Ta scena z Gry o tron oburzyła widzów. Po latach aktorka wyznaje: jestem z niej dumna
Po latach Sophie Turner, która wcielała się w serialowej adaptacji „Gry o tron” w Sansę Stark, przyznała, że jest stuprocentowo dumna z jednej z najbardziej kontrowersyjnych scen w historii produkcji HBO.

Sophie Turner wystąpiła we wszystkich ośmiu sezonach serialu, emitowanego przez HBO w latach 2011-2019. Artystka portretowała postać głęboko straumatyzowanej Sansy Stark, której ojciec został zamordowany na jej oczach, która musiała przetrwać niewolę „związku” z przemocowymi tyranami i doświadczyć śmierci większości członków rodziny.
Po tym, jak jej bohaterka została zmuszona do poślubienia Ramsaya Boltona, w 6. odcinku 5. sezonu - „Unbowed, Unbent, Unbroken” - padła też ofiarą gwałtu. Ta wyjątkowo trudna do oglądania sekwencja wzbudziła swego czasu niemałe oburzenie oburzenie, a część widzów głośno zapowiedziała bojkot produkcji.
Teraz, ponad dekadę później, Turner przyznaje, że jest dumna z udziału w tej scenie. Ku zaskoczeniu wielu fanów.
Gra o tron: Sophie Turner jest dumna z udziału w kontrowersyjnej scenie
W rozmowie z magazynem „Flaunt” aktorka podkreśliła, że dziś - jako dorosła, dojrzałą kobieta - znacznie lepiej rozumie, co właściwie przedstawiono podczas realizacji tamtych ujęć. Dodała też, że w jej przekonaniu scena ta zainspirowała istotne dyskusje:
Czułam - i wciąż czuję - że „Gra o tron” rzuciła światło na sprawy, o których wielu ludzi mówiło: „Boże, tego nie można pokazywać”. Rozumiem, że dla niektórych mogło to być wyzwalaczem traumy - całkowicie to pojmuję. Ale czuję też, że w ten sposób oddawaliśmy sprawiedliwość wielu kobietom i walce, jaką toczą od tysięcy lat: z patriarchatem, z byciem traktowanymi jak przedmioty, z ciągłą przemocą seksualną. Nie znam ani jednej kobiety, która nie doświadczyłaby choć jednej formy takiego nadużycia.

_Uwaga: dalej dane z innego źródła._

(* Let $n\ge2$ and $U=\exp\!\big(i\frac{\pi}{3\sqrt3}\sum_{j=1}^n j\,(X_j+Y_j+Z_j)\big)$. Then the map $a\mapsto UaU^\dagger$ restricts to a Lie algebra isomorphism from $\mathfrak a_{10}(n)$ onto $\mathfrak a_7(n)$.
   Context: Pauli matrices $I,X,Y,Z$; $A_j$ is $A$ acting on qubit $j$ (identity elsewhere); $A_jB_{j+1}$ denotes the length-$n$ Pauli string with $A$ at position $j$, $B$ at $j+1$, $I$ elsewhere. For a set $S$ of Pauli strings, $\mathrm{Lie}\langle S\rangle$ is the smallest real Lie subalgebra of $\mathfrak u(2^n)$ containing $\{iP:P\in S\}$. $\mathfrak a_{10}(n)=\mathrm{Lie}\langle X_jY_{j+1},Y_jZ_{j+1},Z_jX_{j+1}:1\le j\le n-1\rangle$ and $\mathfrak a_7(n)=\mathrm{Lie}\langle X_jX_{j+1},Y_jY_{j+1},Z_jZ_{j+1}:1\le j\le n-1\rangle$. *)

From HB Require Import structures.
From mathcomp Require Import all_boot all_order all_algebra.
From mathcomp Require Import complex.
From mathcomp Require Import boolp classical_sets reals topology normedtype sequences trigo.
Set Implicit Arguments. Unset Strict Implicit. Unset Printing Implicit Defensive.
Import Order.TTheory GRing.Theory Num.Theory.
Import numFieldNormedType.Exports.
Local Open Scope ring_scope.

Section Pauli.
Variable R : realType.
Local Notation C := (R[i]).

Definition iC : C := Complex 0 1.
Definition rC (r : R) : C := Complex r 0.

Inductive pauli := pI | pX | pY | pZ.

(* entries of the single-qubit Pauli matrices, indexed by bits
   (false = |0>, true = |1>) *)
Definition pauli_entry (p : pauli) (a b : bool) : C :=
  match p, a, b with
  | pI, false, false => 1 | pI, true, true => 1
  | pX, false, true => 1 | pX, true, false => 1
  | pY, false, true => - iC | pY, true, false => iC
  | pZ, false, false => 1 | pZ, true, true => -1
  | _, _, _ => 0
  end.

Turner zwróciła również uwagę na to, dlaczego wielu mężczyzn nie zdaje sobie sprawy, jak powszechne są doświadczenia przemocy seksualnej wśród kobiet - przede wszystkim zbyt rzadko się o tym mówi. Dodała, że jest dumna z udziału w serialu, który nie unikał ukazywania najbardziej bolesnych aspektów rzeczywistości, które również łączą nasz świat ze światem wykreowanym przez George’a R.R. Martina.
Nie rozmawiamy o tym wystarczająco często, uciekamy od tematu lub bagatelizujemy go. Gdyby „Gra o tron” miała premierę dziś, na pewno pojawiłyby się ostrzeżenia przed potencjalnym wywołaniem traumy. Ale jestem naprawdę dumna, że byłam częścią produkcji, która nie bała się pokazywać okrucieństw, jakich doświadczały i doświadczają kobiety. Czuję dumę, że mogłam być częścią tej dyskusji.
Trudno zaprzeczyć, że scena gwałtu Sansy wywołała u wielu widzów szok, złość, smutek - sam pamiętam tę burzę w social mediach. Wszystkie te emocje są, rzecz jasna, w pełni zrozumiałe. A jednak nie sposób odmówić racji samej Turner, która wskazuje, że scena stała się punktem wyjścia do istotnych dyskusji.
Z drugiej strony, aktorka zasugerowała coś, co mogłoby złagodzić odbiór kontrowersyjnej sekwencji. Gdyby wówczas zastosowano ostrzeżenia o treściach mogących wyzwalać traumę, część widzów mogłaby świadomie podjąć decyzję o ich pominięciu. Tym, co najbardziej uderzyło wówczas odbiorców, nie była jedynie brutalność sceny - chodziło też fakt, że została im zaserwowana bez uprzedzenia.